Embora não tenham se conhecido virtualmente, o que eles tinham era absolutamente virtual. Algo os afastava, havia sempre algum impedimento: um dos dois estava namorando ou ambos. E assim seguiam com divertidas - e seguras - conversas telefônicas. Até o dia em que ele sugeriu que ela fizesse uma visita.
Ao sair do trabalho, ela liga:

- O convite está de pé?
- Você sabe que cheguei ontem de viagem. A casa está uma bagunça...
- É para eu ir ou não?
- Estou esperando você.

Por cerca de 20 minutos conversaram. Um pouco constrangidos pela proximidade não habitual. Ele a encarava com olhos de predador quando começou a questioná-la sobre o motivo da visita.

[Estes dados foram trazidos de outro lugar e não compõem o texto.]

(* Let $f$ be a transcendental meromorphic function projectable via $\exp_1$, and $\ell\in\mathbb{Z}$ with $f(z+1)=f(z)+\ell$. Suppose $z^*$ is a pseudoperiodic point of $f$ of minimal type $(p,\sigma)$, $p\ge1$, $\sigma\in\mathbb{Z}$, and let $z^*_k=z^*+k$, $k\in\mathbb{Z}$. Then: (i) If $|\ell|\ge2$, the points $z^*_k$ are pseudoperiodic of minimal type $(p,\sigma+(\ell^p-1)k)$, and for all $m\in\mathbb{N}$, $f^{mp}(z^*_k)=z^*_k+(\ell^{mp}-1)(k-\delta)$ where $\delta=\frac{\sigma}{1-\ell^p}$. In particular $f^{mp}(z^*_k)\to\infty$ as $m\to\infty$, except for $z^*_\delta$ when $\delta\in\mathbb{Z}$ (which is $p$-periodic). (ii) If $\ell=1$, or $\ell=-1$ with $p$ even, the points $z^*_k$ are pseudoperiodic of minimal type $(p,\sigma)$ and $f^{mp}(z^*_k)=z^*_k+m\sigma$ for all $m\in\mathbb{N}$. In particular $f^{mp}(z^*_k)\to\infty$ as $m\to\infty$ unless $\sigma=0$ (in which case each $z^*_k$ is $p$-periodic). (iii) If $\ell=-1$ with $p$ odd, the points $z^*_k$ are pseudoperiodic of minimal type $(p,\sigma-2k)$; in particular each $z^*_k$ is $2p$-periodic, except $z^*_{\sigma/2}$ when $\sigma/2\in\mathbb{Z}$ (which is $p$-periodic). (iv) If $\ell=0$, the point $z^*_\sigma$ is $p$-periodic and $f(z^*_k)=z^*_\sigma$ for all $k\in\mathbb{Z}$.
   Context: $\exp_1(z)=e^{2\pi iz}$; $f$ is projectable via $\exp_1$ if there is $g$ with $g\circ\exp_1=\exp_1\circ f$ wherever defined. A point $z^*\in\mathbb{C}\setminus f^{-1}(\infty)$ is pseudoperiodic of type $(p,\sigma)$ if $f^p(z^* )=z^*+\sigma$ ($p\ge1$, $\sigma\in\mathbb{Z}$); of minimal type if $p$ is the smallest such natural number. ''$p$-periodic'' means of minimal period $p$. *)

From Stdlib Require Import Reals ZArith List.
From Coquelicot Require Import Coquelicot.
Open Scope C_scope.

Definition Cz (k : Z) : C := RtoC (IZR k).

(* exp_1(z) = e^{2 pi i z}, written out via real exp/cos/sin *)
Definition exp1 (z : C) : C :=
  (exp (- (2 * PI * Im z)) * cos (2 * PI * Re z),
   exp (- (2 * PI * Im z)) * sin (2 * PI * Re z))%R.

(* A function C -> C u {oo}; [None] stands for the value oo (a pole). *)

Definition holo_at (f : C -> option C) (z0 : C) : Prop :=
  exists (r : posreal) (g : C -> C),
    (forall z, (Cmod (z - z0) < r)%R -> f z = Some (g z)) /\
    @ex_derive C_AbsRing C_NormedModule g z0.

Definition pole_at (f : C -> option C) (z0 : C) : Prop :=
  f z0 = None /\
  (exists r : posreal, forall z, z <> z0 -> (Cmod (z - z0) < r)%R -> f z <> None) /\
  (forall M : R, exists d : posreal, forall z w,
      z <> z0 -> (Cmod (z - z0) < d)%R -> f z = Some w -> (M < Cmod w)%R).

Definition meromorphic (f : C -> option C) : Prop :=
  forall z0, holo_at f z0 \/ pole_at f z0.

(* polynomial evaluation, coefficients in increasing degree *)
Definition peval (l : list C) (z : C) : C :=
  fold_right (fun a acc => a + z * acc) 0 l.

Definition is_rational (f : C -> option C) : Prop :=
  exists P Q : list C, (exists c, In c Q /\ c <> 0) /\
    forall z, peval Q z <> 0 -> f z = Some (peval P z / peval Q z).

Definition transcendental_meromorphic (f : C -> option C) : Prop :=
  meromorphic f /\ ~ is_rational f.

Definition projectable_exp1 (f : C -> option C) : Prop :=
  exists g : C -> C, forall z w, f z = Some w -> g (exp1 z) = exp1 w.

Fixpoint fiter (f : C -> option C) (n : nat) (z : C) : option C :=
  match n with
  | O => Some z
  | S n' => match fiter f n' z with Some w => f w | None => None end
  end.

Definition pseudoperiodic (f : C -> option C) (z : C) (p : nat) (s : Z) : Prop :=
  f z <> None /\ (1 <= p)%nat /\ fiter f p z = Some (z + Cz s).

Definition minimal_pseudoperiodic (f : C -> option C) (z : C) (p : nat) (s : Z) : Prop :=
  pseudoperiodic f z p s /\
  forall (q : nat) (s' : Z), (1 <= q < p)%nat -> ~ pseudoperiodic f z q s'.

Definition periodic_point (f : C -> option C) (z : C) (p : nat) : Prop :=
  (1 <= p)%nat /\ fiter f p z = Some z /\
  forall q : nat, (1 <= q < p)%nat -> fiter f q z <> Some z.

Definition tends_to_inf (u : nat -> option C) : Prop :=
  forall M : R, exists N : nat, forall m : nat, (N <= m)%nat ->
    exists w, u m = Some w /\ (M < Cmod w)%R.

From Stdlib Require Import Reals ZArith List Lia Lra.
From Coquelicot Require Import Coquelicot.
Open Scope C_scope.

(* From f(z + 1) = f(z) + l one gets f^n(z + k) = f^n(z) + l^n k for every integer k.
   Hence on the lattice zs + Z the map f^p acts as the integer affine map
   a |-> σ + l^p a: every z_k is pseudoperiodic of type (p, σ + (l^p - 1) k), a return
   of z_k to the lattice in fewer than p steps would give one of zs, and f^(mp)(z_k) is
   zs plus the m-th affine iterate of k.  When l^p <> 1 these iterates form a geometric
   progression around the fixed point δ = σ / (1 - l^p); when l^p = 1 an arithmetic one
   with step σ. *)

Lemma Cz_add (a b : Z) : Cz (a + b) = Cz a + Cz b.
Proof. unfold Cz; rewrite plus_IZR; apply RtoC_plus. Qed.

Lemma Cz_sub (a b : Z) : Cz (a - b) = Cz a - Cz b.
Proof. unfold Cz; rewrite minus_IZR; apply RtoC_minus. Qed.

Lemma Cz_mul (a b : Z) : Cz (a * b) = Cz a * Cz b.
Proof. unfold Cz; rewrite mult_IZR; apply RtoC_mult. Qed.

Lemma Cz_0 : Cz 0 = 0.
Proof. reflexivity. Qed.

Lemma Cz_1 : Cz 1 = 1.
Proof. reflexivity. Qed.

Lemma Cz_inj (a b : Z) : Cz a = Cz b -> a = b.
Proof. intro E; apply (f_equal fst) in E; now apply eq_IZR. Qed.

Lemma Cz_sub_1_neq0 (L : Z) : L <> 1%Z -> 1 - Cz L <> 0.
Proof.
  intros HL E; apply HL, Cz_inj.
  rewrite Cz_1; replace (Cz L) with (1 - (1 - Cz L)) by ring; rewrite E; ring.
Qed.

Lemma Cz_eq_div_iff (s L k : Z) :
  L <> 1%Z -> Cz k = Cz s / (1 - Cz L) <-> (s + (L - 1) * k = 0)%Z.
Proof.
  intros HL; pose proof (Cz_sub_1_neq0 L HL) as HL'.
  split; intro E.
  - apply Cz_inj; rewrite Cz_add, Cz_mul, Cz_sub, Cz_1, Cz_0, E; field; exact HL'.
  - apply (f_equal Cz) in E; rewrite Cz_add, Cz_mul, Cz_sub, Cz_1, Cz_0 in E.
    replace (Cz s) with (Cz s + (Cz L - 1) * Cz k - (Cz L - 1) * Cz k) by ring.
    rewrite E; field; exact HL'.
Qed.

Lemma Zpow_minus1 (n : nat) : ((-1) ^ Z.of_nat n = if Nat.even n then 1 else -1)%Z.
Proof.
  induction n as [|n IH]; [reflexivity|].
  rewrite Nat2Z.inj_succ, Z.pow_succ_r, IH, Nat.even_succ, <- Nat.negb_even by lia.
  now destruct (Nat.even n).
Qed.

Lemma Zpow_abs_ge (L : Z) (m : nat) :
  (2 <= Z.abs L)%Z -> (Z.of_nat m + 1 <= Z.abs (L ^ Z.of_nat m))%Z.
Proof.
  intros HL; induction m as [|m IH]; [simpl; lia|].
  rewrite Nat2Z.inj_succ, Z.pow_succ_r, Z.abs_mul by lia; nia.
Qed.

Definition Zdiverges (a : nat -> Z) : Prop :=
  forall K : Z, exists N : nat, forall m : nat, (N <= m)%nat -> (K <= Z.abs (a m))%Z.

Lemma Zdiverges_of_linear_bound (a : nat -> Z) (B c : Z) :
  (0 < B)%Z -> (forall m, Z.of_nat m - c <= B * Z.abs (a m))%Z -> Zdiverges a.
Proof.
  intros HB Ha K; exists (Z.to_nat (B * Z.abs K + c)); intros m Hm.
  specialize (Ha m); nia.
Qed.

Definition affine_iter (s L : Z) (m : nat) (k : Z) : Z :=
  Nat.iter m (fun a => s + L * a)%Z k.

Lemma affine_iter_S (s L k : Z) (m : nat) :
  affine_iter s L (S m) k = (s + L * affine_iter s L m k)%Z.
Proof. reflexivity. Qed.

Lemma affine_iter_conj (s L k : Z) (m : nat) :
  (affine_iter s L m k * (L - 1) + s = L ^ Z.of_nat m * (s + (L - 1) * k))%Z.
Proof.
  induction m as [|m IH].
  - change (affine_iter s L 0 k) with k; rewrite Z.pow_0_r; ring.
  - rewrite affine_iter_S, Nat2Z.inj_succ, Z.pow_succ_r, <- Z.mul_assoc, <- IH by lia.
    ring.
Qed.

Lemma affine_iter_1 (s k : Z) (m : nat) : affine_iter s 1 m k = (k + Z.of_nat m * s)%Z.
Proof.
  induction m as [|m IH]; [change (affine_iter s 1 0 k) with k; ring|].
  rewrite affine_iter_S, IH, Nat2Z.inj_succ; ring.
Qed.

Lemma Cz_affine_iter (s L k : Z) (m : nat) :
  L <> 1%Z ->
  Cz (affine_iter s L m k)
  = Cz k + (Cz (L ^ Z.of_nat m) - 1) * (Cz k - Cz s / (1 - Cz L)).
Proof.
  intros HL; pose proof (Cz_sub_1_neq0 L HL) as HL'.
  assert (HL'' : Cz L - 1 <> 0)
    by (intro E; apply HL'; replace (1 - Cz L) with (- (Cz L - 1)) by ring; rewrite E; ring).
  pose proof (f_equal Cz (affine_iter_conj s L k m)) as E.
  rewrite Cz_add, !Cz_mul, Cz_add, Cz_mul, !Cz_sub, Cz_1 in E.
  replace (Cz (affine_iter s L m k))
    with ((Cz (affine_iter s L m k) * (Cz L - 1) + Cz s - Cz s) / (Cz L - 1))
    by (field; exact HL'').
  rewrite E; field; auto.
Qed.

Lemma affine_iter_diverges (s L k : Z) :
  (2 <= Z.abs L)%Z -> (s + (L - 1) * k <> 0)%Z ->
  Zdiverges (fun m => affine_iter s L m k).
Proof.
  intros HL Hc; apply (Zdiverges_of_linear_bound _ (Z.abs (L - 1)) (Z.abs s)); [lia|].
  intro m; pose proof (affine_iter_conj s L k m) as E.
  pose proof (Zpow_abs_ge L m HL) as Hpow.
  set (a := affine_iter s L m k) in *; set (P := (L ^ Z.of_nat m)%Z) in *.
  set (c := (s + (L - 1) * k)%Z) in *.
  assert (Habs : (Z.abs (L - 1) * Z.abs a = Z.abs (P * c - s))%Z)
    by (rewrite <- Z.abs_mul; f_equal; lia).
  rewrite Habs; pose proof (Z.abs_mul P c); nia.
Qed.

Lemma affine_iter_1_diverges (s k : Z) :
  s <> 0%Z -> Zdiverges (fun m => affine_iter s 1 m k).
Proof.
  intros Hs; apply (Zdiverges_of_linear_bound _ 1 (Z.abs k)); [lia|].
  intro m; rewrite affine_iter_1; pose proof (Z.abs_mul (Z.of_nat m) s); nia.
Qed.

Lemma tends_to_inf_of_Zdiverges (z : C) (u : nat -> option C) (a : nat -> Z) :
  (forall m, u m = Some (z + Cz (a m))) -> Zdiverges a -> tends_to_inf u.
Proof.
  intros Hu Ha M; destruct (Ha (up (M + Cmod z))) as [N HN]; exists N.
  intros m Hm; exists (z + Cz (a m)); split; [apply Hu|].
  specialize (HN m Hm); destruct (archimed (M + Cmod z)) as [Hup _].
  apply IZR_le in HN; rewrite abs_IZR in HN.
  assert (Htri : (Cmod (Cz (a m)) <= Cmod (z + Cz (a m)) + Cmod (- z))%R)
    by (replace (Cz (a m)) with ((z + Cz (a m)) + - z) at 1 by ring; apply Cmod_triangle).
  unfold Cz in *; rewrite Cmod_R, Cmod_opp in Htri; lra.
Qed.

- Por que você quis vir aqui?
- Você não convidou?
- Poderia ter dito não.
- Você quer que eu diga?
- Por favor.
- Vem logo aqui.

Beijaram-se com a pressa de quem espera há muito.Diante de tanta abstração, o palpável parecia surreal.
Foram muito mais longe do que ela pretendia permitir, mas ele era bastante convincente.

***

O que se seguiu foram momentos para lembrar e sorrir com o canto da boca nas horas mais impróprias. Não se prometeram nada, apenas saíram daquele dia com a certeza de que precisavam daquilo. Ainda que não se repetisse.